The Safe Bet (Hidden Truths #1)(47)
“Michael . . .”
Hearing his name, even mumbled, caused him to stop in the doorway.
She was dreaming. About him.
He pressed his palm to the inside of the doorframe and bowed his head as he stifled the sudden stiffening between his legs.
He glanced over his shoulder at her, wishing he could sleep next to her. To feel her in his arms again. But the nap they had earlier today was the closest he’d come to sleeping with someone since he’d been out of the Marines. And even that had been a mistake.
CHAPTER FOURTEEN
“David Adams?”
The man was not who Michael would have expected. He knew David Adams was a powerful defense attorney in New York City, but he wouldn’t have pegged him for a shorts-and-wrinkled-T-shirt kind of guy. He decided that Kate’s looks must have come from her mother—her father had dark cropped hair, brown eyes, and a plain, oval face. Something about him screamed lawyer, though—or maybe it was that Michael didn’t trust lawyers, and he definitely didn’t trust Kate’s father, who had lied to his daughter all her life.
“Michael Maddox?” David closed the distance between them but didn’t meet Michael’s extended hand. “Where’s my daughter?” He looked around the busy lobby of the hotel and back at Michael.
“How’d you know who I am? I didn’t think Kate mentioned me.” Michael shoved his hands in the pockets of his black business pants and trained his attention on David’s brown eyes, trying to get an accurate read on his character.
“Doesn’t everyone know who you are?” He echoed Michael’s pose. “Besides, you’re the reason my daughter is here, right? She planned your event. And I want her to come back to New York.”
“You don’t even know what’s going on,” Michael said with a deeper than normal voice. “We need to talk. I’ll take you to my office.”
“I have no intention of going anywhere without seeing my daughter. This is her hotel, correct?”

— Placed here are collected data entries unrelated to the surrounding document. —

(* Let $H$ be a digraph (possibly with loops) and let $D$ be an $H$-colored tournament in which every directed $3$-cycle is an $H$-cycle. Then for every $k \geq 2$, $D$ has a $(k,H)$-kernel.
   Context: All digraphs are finite. A tournament is a digraph in which every two distinct vertices are joined by exactly one arc (no loops, no symmetric arcs). $D$ comes with a map $\rho: A(D)\to V(H)$. For a walk $W=(x_0,\ldots,x_n)$ in $D$, there is an obstruction on $x_i$ if $(\rho(x_{i-1},x_i),\rho(x_i,x_{i+1})) \notin A(H)$; for an open walk this is considered at internal vertices $x_i$, $1\le i\le n-1$, for a closed walk at all $i\in\{0,\ldots,n-1\}$ with indices modulo $n$. $O_H(W)$ is the set of indices with an obstruction; the $H$-length is $l_H(W)=|O_H(W)|+1$ for open $W$ and $|O_H(W)|$ for closed $W$. An $H$-cycle is a directed cycle with no obstructions. A $(k,H)$-kernel ($k\ge2$) is a set $S\subseteq V(D)$ such that for every two distinct $u,v\in S$ every directed $uv$-path in $D$ has $H$-length at least $k$, and for every $x\in V(D)\setminus S$ there is a directed path from $x$ to a vertex of $S$ of $H$-length at most $k-1$. *)

From mathcomp Require Import all_boot.
Set Implicit Arguments. Unset Strict Implicit. Unset Printing Implicit Defensive.

Definition tournament (V : finType) (E : rel V) : Prop :=
  (forall x, ~~ E x x) /\
  (forall x y, x != y -> (E x y && ~~ E y x) || (E y x && ~~ E x y)).

Section HColoring.
Variables (V VH : finType) (H : rel VH) (rho : V -> V -> VH).
(* rho x y is the colour of the arc (x,y); only its values on arcs matter. *)

(* obs a b r : number of obstructions on the internal vertices of the walk
   (a, b, r_0, r_1, ...), i.e. at b, r_0, ..., excluding the last vertex. *)
Fixpoint obs (a b : V) (r : seq V) : nat :=
  match r with
  | [::] => 0
  | c :: r' => (~~ H (rho a b) (rho b c)) + obs b c r'
  end.

Definition Hlength (x : V) (p : seq V) : nat :=
  match p with
  | [::] => 1
  | y :: r => (obs x y r).+1
  end.

(* Number of obstructions of the closed walk c_0 c_1 ... c_{n-1} c_0. *)
Definition closed_obs (c : seq V) : nat :=
  match c with
  | a :: b :: r => obs a b (r ++ [:: a; b])
  | _ => 0
  end.

End HColoring.

Definition dpath (V : finType) (E : rel V) (x : V) (p : seq V) : bool :=
  path E x p && uniq (x :: p).

Definition dcycle (V : finType) (E : rel V) (c : seq V) : bool :=
  cycle E c && uniq c.

Definition Hcycle (V VH : finType) (E : rel V) (H : rel VH)
  (rho : V -> V -> VH) (c : seq V) : Prop :=
  dcycle E c /\ closed_obs H rho c = 0.

Definition kH_kernel (V VH : finType) (E : rel V) (H : rel VH)
  (rho : V -> V -> VH) (k : nat) (S : {set V}) : Prop :=
  (forall u v p, u \in S -> v \in S -> u != v ->
     dpath E u p -> last u p = v -> k <= Hlength H rho u p) /\
  (forall x, x \notin S -> exists p,
     [/\ dpath E x p, last x p \in S & Hlength H rho x p <= k - 1]).

From mathcomp Require Import all_boot.
Set Implicit Arguments. Unset Strict Implicit. Unset Printing Implicit Defensive.

(* A vertex v of maximum in-degree in a tournament is reached from every other
   vertex x by a directed path of length at most 2.  If that path is x -> w -> v
   and v -> x, it closes a directed 3-cycle, which is an H-cycle, so there is no
   obstruction at w; either way x reaches v with H-length 1, and {v} is a
   (k,H)-kernel for every k >= 2. *)

Section Tournament.
Variables (V : finType) (E : rel V).
Hypothesis tourE : tournament E.

Lemma tournament_irrefl x : ~~ E x x.
Proof. by case: tourE. Qed.

Lemma tournament_connex x y : x != y -> E x y || E y x.
Proof. by case: tourE => _ tot /tot /orP [/andP [-> _] | /andP [-> _]]; rewrite ?orbT. Qed.

Definition in_nbhd (x : V) : {set V} := [set y | E y x].

Lemma exists_max_indegree (v0 : V) :
  exists v, forall x, #|in_nbhd x| <= #|in_nbhd v|.
Proof.
case: (@arg_maxnP V v0 predT (fun v => #|in_nbhd v|)) => // v _ vmax.
by exists v => x; apply: vmax.
Qed.

Lemma max_indegree_absorbs v :
  (forall x, #|in_nbhd x| <= #|in_nbhd v|) ->
  forall x, x != v -> ~~ E x v -> exists2 w, E x w & E w v.
Proof.
move=> vmax x xv nExv; apply/exists_inP; apply: contraT; rewrite negb_exists_in.
move=> /forall_inP no_w.
have Evx : E v x by move: (tournament_connex xv); rewrite (negbTE nExv).
suff : in_nbhd v \proper in_nbhd x by move/proper_card; rewrite ltnNge vmax.
apply/properP; split; last by exists v; rewrite !inE ?Evx ?tournament_irrefl.
apply/subsetP => y; rewrite !inE => Eyv.
have yx : y != x by apply: contraNneq nExv => <-.
by case/orP: (tournament_connex yx) => // /no_w; rewrite Eyv.
Qed.

End Tournament.

Lemma Hcycle3_no_obstruction (V VH : finType) (E : rel V) (H : rel VH)
  (rho : V -> V -> VH) x y z :
  Hcycle E H rho [:: x; y; z] -> H (rho x y) (rho y z).
Proof. by case=> _; rewrite /closed_obs /=; case: (H (rho x y) (rho y z)). Qed.

Lemma singleton_kH_kernel (V VH : finType) (E : rel V) (H : rel VH)
  (rho : V -> V -> VH) k v :
  (forall x, x != v ->
     exists p, [/\ dpath E x p, last x p = v & Hlength H rho x p <= k - 1]) ->
  kH_kernel E H rho k [set v].
Proof.
move=> reach_v; split=> [u w p | x]; first by rewrite !inE => /eqP -> /eqP ->; rewrite eqxx.
rewrite inE => /reach_v [p [dp pv lenp]]; exists p.
by split; rewrite // pv inE.
Qed.

Lemma max_indegree_Hreachable (V VH : finType) (E : rel V) (H : rel VH)
  (rho : V -> V -> VH) :
  tournament E ->
  (forall x y z : V, dcycle E [:: x; y; z] -> Hcycle E H rho [:: x; y; z]) ->
  forall v, (forall x, #|in_nbhd E x| <= #|in_nbhd E v|) ->
  forall x, x != v ->
  exists p, [/\ dpath E x p, last x p = v & Hlength H rho x p = 1].
Proof.
move=> tourE Hcycle3 v vmax x xv.
case Exv: (E x v).
  by exists [:: v]; split; rewrite // /dpath /= Exv inE xv.
have [w Exw Ewv] := max_indegree_absorbs tourE vmax xv (negbT Exv).
have Evx : E v x by move: (tournament_connex tourE xv); rewrite Exv.
have xw : x != w by apply: contraTneq Exw => <-; apply: tournament_irrefl.
have wv : w != v by apply: contraTneq Ewv => ->; apply: tournament_irrefl.
have cyc : dcycle E [:: x; w; v].
  by rewrite /dcycle /= Exw Ewv Evx /= !inE !negb_or xw xv wv.
exists [:: w; v]; split=> //.
  by rewrite /dpath /= Exw Ewv !inE !negb_or xw xv wv.
by rewrite /Hlength /= (Hcycle3_no_obstruction (Hcycle3 _ _ _ cyc)).
Qed.

Theorem corollary9 (V VH : finType) (E : rel V) (H : rel VH)
  (rho : V -> V -> VH) :
  tournament E ->
  (forall x y z : V, dcycle E [:: x; y; z] -> Hcycle E H rho [:: x; y; z]) ->
  forall k : nat, 2 <= k -> exists S : {set V}, kH_kernel E H rho k S.
Proof.
move=> tourE Hcycle3 k k_ge2.
case: (pickP (@predT V)) => [v0 _ | V0]; last first.
  by exists set0; split=> [u | x]; [rewrite inE | have := V0 x].
have [v vmax] := exists_max_indegree E v0.
exists [set v]; apply: singleton_kH_kernel => x xv.
have [p [dp pv lenp]] := max_indegree_Hreachable tourE Hcycle3 vmax xv.
by exists p; split; rewrite // lenp subn_gt0.
Qed.
(* Let $(K,\mathrm{val})$ be a $2$-henselian valued field whose residue class field $F$ has characteristic $\neq2$, let $A$ be a subring with $B\subseteq A\subseteq K$, let $g\in G$, and let $M$ be a proper quasi-quadratic module in $F$ (i.e. $M\ne F$). Then $\Phi^A(M,[\![g]\!])$ is a quasi-quadratic module in $A$.
   Context: Let $(G,\le)$ be a totally ordered abelian group written multiplicatively with identity $e$; $G_{\ge e}=\{g\in G:g\ge e\}$, $G^2=\{g^2:g\in G\}$. Let $(K,\mathrm{val})$ be a valued field with surjective valuation $\mathrm{val}:K\to G\cup\{\infty\}$, valuation ring $B=\{x:\mathrm{val}(x)\ge e\}$, residue map $\pi:B\to F$, residue field $F$. A strict unit is $x\in B^\times$ with $\pi(x)=1$; when $\mathrm{char}F\ne2$, $2$-henselian is equivalent to every strict unit being a square in $K$. For a subring $A$ with $B\subseteq A\subseteq K$ put $H=\mathrm{val}(A^\times)$; $H$ is a convex subgroup of $G$ and $\mathrm{val}(A\setminus\{0\})=H\cup G_{\ge e}$. For $g\in G$: $\overline g$ is its class in $G/G^2$, $[\![g]\!]$ its class in $G/H^2$, $[g]$ its class in $G/H$; ''$\mathrm{val}(x)=\overline g$'' means $\overline{\mathrm{val}(x)}=\overline g$, and similarly for $[\![\cdot]\!]$ and $[\cdot]$. A quasi-quadratic module in a commutative ring $R$ is a subset $M\subseteq R$ with $M+M\subseteq M$ and $a^2M\subseteq M$ for all $a\in R$. A pseudo-angular component map is a map $\mathrm{p.an}:K^\times\to F^\times$ such that: (1) $\mathrm{p.an}(u)=\pi(u)$ for $u\in B^\times$; (2) $\mathrm{p.an}(ux)=\pi(u)\mathrm{p.an}(x)$ for $u\in B^\times,x\in K^\times$; (3) for all $g\in G$, $c\in F^\times$ there is $w\in K$ with $\mathrm{val}(w)=g$, $\mathrm{p.an}(w)=c$; (4) for nonzero $x_1,x_2$ with $x_1+x_2\ne0$: if $\mathrm{val}(x_1)<\mathrm{val}(x_2)$ then $\mathrm{p.an}(x_1+x_2)=\mathrm{p.an}(x_1)$; if $\mathrm{val}(x_1)=\mathrm{val}(x_2)$ and $\mathrm{p.an}(x_1)+\mathrm{p.an}(x_2)\ne0$ then $\mathrm{val}(x_1+x_2)=\mathrm{val}(x_1)$ and $\mathrm{p.an}(x_1+x_2)=\mathrm{p.an}(x_1)+\mathrm{p.an}(x_2)$; (5) if $x,y\in K^\times$, $\overline{\mathrm{val}(x)}=\overline{\mathrm{val}(y)}$ and $\mathrm{p.an}(x)=\mathrm{p.an}(y)$ then $y=u^2x$ for some $u\in K^\times$; (6) for $a,u\in K^\times$ there is $k\in F^\times$ with $\mathrm{p.an}(au^2)=\mathrm{p.an}(a)k^2$. Such a map exists under the hypotheses; fix one. For $g\in G$ and a quasi-quadratic module $M$ in $F$: $$\Phi^A(M,[\![g]\!])=\{x\in A\setminus\{0\}:\ \mathrm{val}(x)=\overline g,\ (\mathrm{val}(x)=[\![g]\!]\ \text{or}\ \mathrm{val}(x)>g),\ \mathrm{p.an}(x)\in M\}\cup\{0\}$$ (this depends only on $[\![g]\!]$). *)

From HB Require Import structures.
From mathcomp Require Import all_boot all_order all_algebra.
Set Implicit Arguments. Unset Strict Implicit. Unset Printing Implicit Defensive.
Import GRing.Theory.
Local Open Scope ring_scope.
Lemma forest_indep_ratio_le (U : {set T}) : indep_ratio_le e U (forest_boundn #|U|).
Proof.
have [n] := ubnP #|U|; elim: n => // n IHn in U *; rewrite ltnS => leUn.
have IHU (X : {set T}) : #|X| < #|U| -> indep_ratio_le e X (forest_boundn #|X|).
  by move=> ltXU; apply: IHn; apply: leq_trans ltXU leUn.
have [-> | U_nz] := eqVneq U set0.
  by move=> k /leq_trans/(_ (indep_num_card e _)); rewrite cards0.
case: (forest_isolated_or_pendant U_nz) => [[v vU isov] | [v [u vu_pendant]]].
  have cardU : #|U| = #|U :\ v|.+1 by rewrite (cardsD1 v U) vU.
  apply: indep_ratio_leW (indep_ratio_le_isolated e_sym e_irr vU isov (IHU _ _)).
    by rewrite cardU; apply: forest_boundn_homo.
  by rewrite cardU.
set A := (U :\ u) :\ v; set B := U :\: closed_nbhd e u.
have [vU uU _ _] := vu_pendant.
have cardU : #|U| = #|A|.+2 := pendant_card e_irr vu_pendant.
have BA : B \subset A := pendant_setD_closed_nbhd e_sym vu_pendant.
have leBA : #|B| <= #|A| by rewrite subset_leq_card.
have leUA := pendant_indep_num e_sym e_irr vu_pendant.
apply: (indep_ratio_le_del e_sym e_irr (F := (forest_boundn #|A|).+1) uU leUA).
- by rewrite cardU; apply: forest_boundn_homo.
- apply: (indep_ratio_le_isolated e_sym e_irr) (pendant_in_setD1 e_irr vu_pendant) _ _.
    exact: pendant_isolated.
  by apply: IHU; rewrite cardU.
- have ltBU : #|B| < #|U| by rewrite cardU ltnS leqW.
  apply: (indep_ratio_leW (F := forest_boundn #|B|)); last exact: IHU.
  exact/ltnW/forest_boundn_homo.
rewrite -/B => ltBU; have ltBA : #|B| < #|A|.
  rewrite ltn_neqAle leBA andbT; apply: contraTneq ltBU => eqBA.
  have -> : B = A by apply/eqP; rewrite eqEcard BA eqBA leqnn.
  by rewrite -leqNgt (leq_trans leUA) // indep_num_setD1.
rewrite cardU; apply: leq_trans (forest_boundn_pendant ltBA); rewrite leq_add2l.
exact: max_indep_count_le.
Qed.

End Forests.

Local Open Scope ring_scope.

Section NonnegativePolynomials.
Variable R : numDomainType.

Lemma horner_gt0 (p : {poly R}) x :
  p != 0 -> (forall i, 0 <= p`_i) -> 0 < x -> 0 < p.[x].
Proof.
move=> p_nz p_ge0 x_gt0.
have size_p : size p = (size p).-1.+1 by rewrite prednK // size_poly_gt0.
rewrite horner_coef size_p big_ord_recr /= -lead_coefE ltr_wpDl //.
  by apply: sumr_ge0 => i _; rewrite mulr_ge0 ?exprn_ge0 // ltW.
by rewrite mulr_gt0 ?exprn_gt0 // lt_def lead_coef_eq0 p_nz lead_coefE p_ge0.
Qed.

Lemma root_horner_norm_le0 (q : {poly R}) z :
  (forall i, (i < (size q).-1)%N -> q`_i <= 0) -> 0 <= lead_coef q ->
  root q z -> q.[`|z|] <= 0.
Proof.
move=> q_le0 lc_ge0 /eqP qz0; have [-> | q_nz] := eqVneq q 0; first by rewrite horner0.
set d := (size q).-1.
have hornerE x : q.[x] = \sum_(i < d) q`_i * x ^+ i + lead_coef q * x ^+ d.
  have size_q : size q = d.+1 by rewrite prednK // size_poly_gt0.
  by rewrite horner_coef size_q big_ord_recr lead_coefE.
move: qz0; rewrite !hornerE => /eqP; rewrite addr_eq0 => /eqP top.
rewrite -[X in X + _]opprK addrC subr_le0.
have -> : lead_coef q * `|z| ^+ d = `|lead_coef q * z ^+ d|.
  by rewrite normrM normrX ger0_norm.
rewrite -[lead_coef q * _]opprK -top normrN (le_trans (ler_norm_sum _ _ _)) //.
rewrite -sumrN; apply: ler_sum => i _.
by rewrite normrM normrX ler0_norm ?q_le0 // mulNr.
Qed.

(* Multiplying by X - rho makes every coefficient but the leading one nonpositive. *)
Lemma enestrom_kakeya (p : {poly R}) (rho z : R) :
  p != 0 -> (forall i, 0 <= p`_i) -> 0 <= rho ->
  (forall i, (i < (size p).-1)%N -> p`_i <= rho * p`_i.+1) ->
  root p z -> `|z| <= rho.
Proof.
move=> p_nz p_ge0 rho_ge0 ratio pz.
rewrite real_leNgt ?ger0_real //; apply/negP => rho_lt_z.
set q := p * ('X - rho%:P).
have size_q : size q = (size p).+1.
  by rewrite size_Mmonic ?monicXsubC // size_XsubC addn2.
have q_le0 i : (i < (size q).-1)%N -> q`_i <= 0.
  rewrite size_q /= /q mulrBr coefB coefMX coefMC.
  case: i => [_|i lt_i]; first by rewrite sub0r oppr_le0 mulr_ge0.
  by rewrite subr_le0 mulrC ratio // ltn_predRL.
have lc_q : 0 <= lead_coef q by rewrite lead_coef_Mmonic ?monicXsubC // lead_coefE.
have := root_horner_norm_le0 q_le0 lc_q (_ : root q z); rewrite rootM pz => /(_ isT).
rewrite hornerM hornerXsubC lt_geF // mulr_gt0 ?subr_gt0 // horner_gt0 //.
exact: le_lt_trans rho_lt_z.
Qed.

End NonnegativePolynomials.

Lemma coef_indep_poly (R : nzRingType) (T : finType) (e : rel T) k :
  (indep_poly R e)`_k = (indep_count_in e [set: T] k)%:R.
Proof.
rewrite coef_poly (_ : indep_count e k = indep_count_in e [set: T] k).
  case: ltnP => // ltTk; rewrite indep_count_in_eq0 //.
  by rewrite (leq_ltn_trans (indep_num_card e _)) ?cardsT.
by apply: eq_card => S; rewrite !inE subsetT.
Qed.

Lemma forest_bound_natr n : (0 < n)%N -> forest_bound n = (forest_boundn n)%:R.
Proof. by case: n => // n _; rewrite /forest_bound /=; case: odd; rewrite natrD natrX. Qed.

Theorem theorem5 (n : nat) (T : finType) (e : rel T) (z : algC) :
  (0 < n)%N -> #|T| = n -> simple_graph e -> forest e ->
  root (indep_poly algC e) z ->
  `|z| <= forest_bound n.
Proof.
move=> n_gt0 cardT [e_sym e_irr] e_forest root_z.
set p := indep_poly algC e in root_z *.
have p_nz : p != 0.
  apply/eqP => p_eq0; have := coef_indep_poly algC e 0.
  by rewrite -/p p_eq0 coef0 indep_count_in0 => /eqP; rewrite eq_sym oner_eq0.
have top_le_num : ((size p).-1 <= indep_num e [set: T])%N.
  have : p`_(size p).-1 != 0 by rewrite -lead_coefE lead_coef_eq0.
  by rewrite coef_indep_poly pnatr_eq0 -lt0n indep_count_in_gt0.
rewrite forest_bound_natr //; apply: enestrom_kakeya root_z => // [i | i lt_ip].
  by rewrite coef_indep_poly ler0n.
rewrite !coef_indep_poly -natrM ler_nat -cardT -cardsT.
exact: forest_indep_ratio_le (leq_trans lt_ip top_le_num).
Qed.
(* Since Q^T = L_Q U_Q, the preconditioned collocation matrix
   Q_Delta^-1 Q = L_Q^T is unit upper triangular.  Hence, with
   K = I_L (x) Q_Delta (x) A, the matrix
   N = K^-1 (I_L (x) Q (x) A) - I = I_L (x) (L_Q^T - I) (x) I_N
   is nilpotent: N^M = 0.  Multiplying P^ T = P^ - C, where T = I - P^^-1 C,
   by K^-1 gives  mu (T + N) = K^-1 (T - F)  with F = E (x) H.  For mu large
   this keeps T bounded, hence T = -N + O(1/mu); as (-N)^k = 0 for k >= M,
   T^k = T^k - (-N)^k = O(1/mu) in the entrywise l1 norm, which is
   submultiplicative and therefore bounds the spectral radius.
   Q_Delta is invertible because Q is: a vector in the kernel of Q^T yields a
   polynomial of degree <= M (an antiderivative of a combination of Lagrange
   polynomials) vanishing at 0 and at the M distinct nonzero Radau nodes. *)

Section EntrywiseNorm.
Context {R : rcfType}.
Implicit Types (x : R[i]) (a b : R).

Lemma normc_ge0 x : 0 <= normc x.
Proof. by case: x => u v; apply: sqrtr_ge0. Qed.

Lemma normc_gt0 x : (0 < normc x) = (x != 0).
Proof.
rewrite lt_def normc_ge0 andbT; apply/idP/idP; apply: contraNN => /eqP.
  by move->; rewrite normc0.
by move/eq0_normc->.
Qed.

Lemma normcR a : normc (a%:C)%C = `|a|.
Proof. by rewrite /normc /= expr0n addr0 sqrtr_sqr. Qed.

Lemma ler_normc_sum (I : Type) (r : seq I) (P : pred I) (F : I -> R[i]) :
  normc (\sum_(i <- r | P i) F i) <= \sum_(i <- r | P i) normc (F i).
Proof.
elim/big_rec2: _ => [|i y1 y2 _ IH]; first by rewrite normc0.
by apply: le_trans (le_normcD _ _) _; rewrite lerD2l.
Qed.

Definition mxnorm {m n} (A : 'M[R[i]]_(m, n)) : R :=
  \sum_i \sum_j normc (A i j).

Lemma mxnorm_ge0 {m n} (A : 'M[R[i]]_(m, n)) : 0 <= mxnorm A.
Proof. by do 2![apply: sumr_ge0 => ? _]; apply: normc_ge0. Qed.

Lemma mxnorm0 m n : mxnorm (0 : 'M[R[i]]_(m, n)) = 0.
Proof. by do 2![apply: big1 => ? _]; rewrite mxE normc0. Qed.

Lemma mxnormD {m n} (A B : 'M[R[i]]_(m, n)) :
  mxnorm (A + B) <= mxnorm A + mxnorm B.
Proof.
rewrite /mxnorm -big_split; apply: ler_sum => i _.
by rewrite -big_split; apply: ler_sum => j _; rewrite mxE le_normcD.
Qed.

Lemma mxnormN {m n} (A : 'M[R[i]]_(m, n)) : mxnorm (- A) = mxnorm A.
Proof. by do 2![apply: eq_bigr => ? _]; rewrite mxE normcN. Qed.

Lemma mxnormB {m n} (A B : 'M[R[i]]_(m, n)) :
  mxnorm (A - B) <= mxnorm A + mxnorm B.
Proof. by rewrite -(mxnormN B) mxnormD. Qed.

Lemma mxnormZ {m n} x (A : 'M[R[i]]_(m, n)) :
  mxnorm (x *: A) = normc x * mxnorm A.
Proof.
rewrite /mxnorm mulr_sumr; apply: eq_bigr => i _; rewrite mulr_sumr.
by apply: eq_bigr => j _; rewrite mxE normcM.
Qed.

Lemma mxnorm_row {m n} (A : 'M[R[i]]_(m, n)) i :
  \sum_j normc (A i j) <= mxnorm A.
Proof.
rewrite /mxnorm (bigD1 i) //= lerDl.
by do 2![apply: sumr_ge0 => ? _]; apply: normc_ge0.
Qed.

Lemma mxnormM {m n p} (A : 'M[R[i]]_(m, n)) (B : 'M[R[i]]_(n, p)) :
  mxnorm (A *m B) <= mxnorm A * mxnorm B.
Proof.
rewrite [mxnorm A]/mxnorm mulr_suml; apply: ler_sum => i _.
apply: (@le_trans _ _ (\sum_j \sum_l normc (A i l) * normc (B l j))).
  apply: ler_sum => j _; rewrite mxE; apply: le_trans (ler_normc_sum _ _ _ _) _.
  by apply: ler_sum => l _; rewrite normcM.
rewrite exchange_big /= mulr_suml; apply: ler_sum => l _.
by rewrite -mulr_sumr; apply: ler_wpM2l; [apply: normc_ge0 | apply: mxnorm_row].
Qed.

Section Square.
Context {n : nat}.
Implicit Types X Y B : 'M[R[i]]_n.

Lemma mxnorm1 : mxnorm (1%:M : 'M[R[i]]_n) = n%:R.
Proof.
rewrite /mxnorm -[n in RHS]card_ord -sumr_const; apply: eq_bigr => i _.
rewrite (bigD1 i) //= big1 => [|j ji]; first by rewrite mxE eqxx normc1 addr0.
by rewrite mxE eq_sym (negPf ji) normc0.
Qed.

Lemma mxnormX X k : mxnorm (X ^+ k) <= n%:R * mxnorm X ^+ k.
Proof.
elim: k => [|k IH]; first by rewrite !expr0 mulr1 mxnorm1.
rewrite exprS -mulmxE [_ ^+ k.+1]exprS mulrCA.
exact: le_trans (mxnormM _ _) (ler_wpM2l (mxnorm_ge0 _) IH).
Qed.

“It was. She’s staying at my place now.”
David took a step back from Michael and removed his hands from his pockets. “What the fuck is going on?” His tan faded, replaced by bright cheeks. “If you think you’re going to manipulate her—I know your reputation, you son—”
Michael held his palms up. “Hang on, man. I’m trying to help, Kate. She’s in danger.” And that was all he had said before he made for the exit, assuming that David would follow.
“What’s going on? I want to see my daughter,” David demanded as he trailed after Michael.
Michael spun on his heel and motioned toward his Audi. “Get in. I’ll explain.”
David huffed out an exasperated breath and shook his head, but at least he followed instructions.
As soon as Michael was behind the driver’s wheel and pulled out into traffic, he spoke. “Kate has a stalker. Someone began following her the minute she arrived in Charlotte. It looks like he’s trying to scare her away.” He glanced over at David out of the corner of his eye. He was pressing his palms against his knees and staring out the passenger window. “I called in a favor from a friend of mine in the FBI. He told Kate about her mother’s murder.”
“This is crazy.” David looked over at Michael as they stopped at a red light. “Jesus, I told her not to come to this city. I told her.”
“My friend in the FBI doubts the stalker is connected to her mother’s murder, given that the police think Elizabeth’s murder was the result of a burglary, but he wants to pursue every possible angle.”
“I didn’t want her to find out. I didn’t want her to know that her mother was shot. Do you blame me?” His face pinched together as anger, or maybe guilt besieged him.
Michael pulled off to the side of the road and parallel parked a few blocks from his office. He looked over at David again, studying him, but found himself unable to get a read on the man. Had he lost his touch? “It’s between you and Kate as to why you lied, but I need to know if you think there’s a chance that there’s a connection between her mother’s murder and her stalker.”
David looked like a man who had just lost a child. Or a wife. Sadness replaced his hollow stare, and the muscles in his face sagged, as though gravity had become heavier. “I don’t think there’s a relation,” he said at last.
“Why’d you run away from Charlotte when her mother died? Why the hell did her grandparents abandon their home—sadness? Or fear?”
David straightened his slouched shoulders and wet his dry lips. He wondered if Kate received her nervous energy from her father. How could a powerful attorney be so weak? Maybe it took having a child to understand what David was feeling.
“Tell me the truth,” Michael said with a flash of warning in his voice.
“I don’t know if her mother’s murder was premeditated.” David rubbed his forehead. “Her mother, Elizabeth, told me that she felt like she was being followed. She couldn’t prove it, though, and I—a pre-law student to the core—demanded evidence. I wanted to help her, but I said that without proof there was nothing to go on. Soon after she told me that, she died.”
“What did the cops say?”
“Same as I said to Elizabeth. Without proof . . .” He shifted in his seat and pulled his wallet out of his back pocket. His hand fumbled inside before retrieving a folded photo. He handed it to Michael.